Definition is_local_gor (d : nat) (V : 'M[int]_(d, d.+1)) (k : 'I_d.+1)
  (gk : nat) : Prop :=
  (0 < gk)%N /\ int_vec (gk%:R *: dual_vertex V k) /\
  forall n : nat, (0 < n)%N -> int_vec (n%:R *: dual_vertex V k) -> (gk <= n)%N.

(* alpha_i = g |Q_Delta| / q_i  (an integer, see the paper) *)
Definition alpha (d : nat) (V : 'M[int]_(d, d.+1)) (g : nat) (i : 'I_d.+1)
  : nat := ((g * Qsum V) %/ weight V i)%N.

(* Hypotheses (i)-(iii) of the construction, for P = [v_0 ... v_d] with
   0-based indices: rows i : 'I_d (row i+1 of the paper), columns
   j : 'I_(d+1) (column j+1 of the paper, i.e. vertex v_j);
   a_{i+1,k+1} = P i k for k < d, and b_{i+1} = - P i d. *)
Definition construction_hyps (d : nat) (A : 'I_d.+1 -> nat)
  (P : 'M[int]_(d, d.+1)) : Prop :=
  let col := fun k : 'I_d => widen_ord (leqnSn d) k in
  let w := fun i : 'I_d.+1 => ((\big[lcmn/1%N]_(j < d.+1) A j) %/ A i)%N in
  (forall i k : 'I_d, (k < i)%N -> P i (col k) = 0) /\
  (forall k : 'I_d, 1 <= P k (col k) /\ (P k (col k) %| (A (col k))%:Z)%Z) /\
  (forall i k : 'I_d, (i < k)%N -> 0 <= P i (col k) < P k (col k)) /\
  (forall k : 'I_d,
     (- P k ord_max) * (w ord_max)%:Z =
     \sum_(j < d | (k <= j)%N) P k (col j) * (w (col j))%:Z).

(* The weights q_j = |det(v_i : i <> j)| are, by Cramer's rule, proportional
   to the positive barycentric coordinates of the origin, so
   sum_j q_j v_j = 0.  Clearing the denominators of the dual vertex u_k by the
   Gorenstein index g gives an integral linear form Phi_k with Phi_k(v_j) = -g
   for j <> k; evaluated on the relation, it yields Phi_k(v_k) + g = alpha_k.
   Keeping the given vertex order, let U be unimodular bringing
   [v_0 ... v_(d-1)] to Hermite normal form: this is triangularity and (ii).
   The form Phi_k - Phi_d vanishes on every vertex but v_k and v_d and equals
   alpha_k on v_k, so the triangular shape forces a_kk | alpha_k, which is (i).
   Finally alpha_j q_j = g|Q| for all j, so w_j = lcm(A)/alpha_j is
   proportional to q_j and (iii) is the relation sum_j q_j U v_j = 0. *)

From HB Require Import structures.
From mathcomp Require Import all_boot all_order fingroup perm all_algebra.
From mathcomp Require Import zify.
Set Implicit Arguments.
Unset Strict Implicit.
Unset Printing Implicit Defensive.
Import Order.TTheory GRing.Theory Num.Theory.
Local Open Scope ring_scope.

Lemma col_unimodular_reduce n (x : 'cV[int]_(1 + n)) : x != 0 ->
  exists2 U : 'M[int]_(1 + n), U \in unitmx &
    exists2 c : int, 0 < c & U *m x = col_mx c%:M 0.
Proof.
move=> nzx; have [L uL [R uR [ds _ dM]]] := int_Smith_normal_form x.
pose c := ds`_0 * R 0 0.
have Lx : invmx L *m x = col_mx c%:M 0.
  rewrite dM !mulmxA mulVmx // mul1mx.
  apply/matrixP => i j; rewrite [j]ord1 !mxE big_ord1 !mxE.
  case: (split_ordP i) => i' ->; rewrite ?col_mxEu ?col_mxEd !mxE.
    by rewrite [i']ord1 /= mulr1n.
  by rewrite /= mulr0n mul0r.
have nzc : c != 0.
  apply: contraNneq nzx => c0; rewrite -(mulKVmx uL x) Lx c0.
  have -> : (0 : int)%:M = 0 :> 'M_1.
    by apply/matrixP => i j; rewrite !mxE mul0rn.
  by rewrite col_mx0 mulmx0.
exists (Num.sg c *: invmx L).
  rewrite unitmxZ ?unitmx_inv //; apply/unitrP; exists (Num.sg c).
  by rewrite -expr2 sqr_sg nzc.
exists `|c|; first by rewrite normr_gt0.
by rewrite -scalemxAl Lx scale_col_mx scaler0 scale_scalar_mx -normrEsg.
Qed.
-- -- --
REQUIRED WORK:
Repeat word for word each line from the one with "exists (Num.sg c *: invmx L)." to the end of the records above, inclusive.

WRITTEN ANSWER:
exists (Num.sg c *: invmx L).
  rewrite unitmxZ ?unitmx_inv //; apply/unitrP; exists (Num.sg c).
  by rewrite -expr2 sqr_sg nzc.
exists `|c|; first by rewrite normr_gt0.
by rewrite -scalemxAl Lx scale_col_mx scaler0 scale_scalar_mx -normrEsg.
Qed.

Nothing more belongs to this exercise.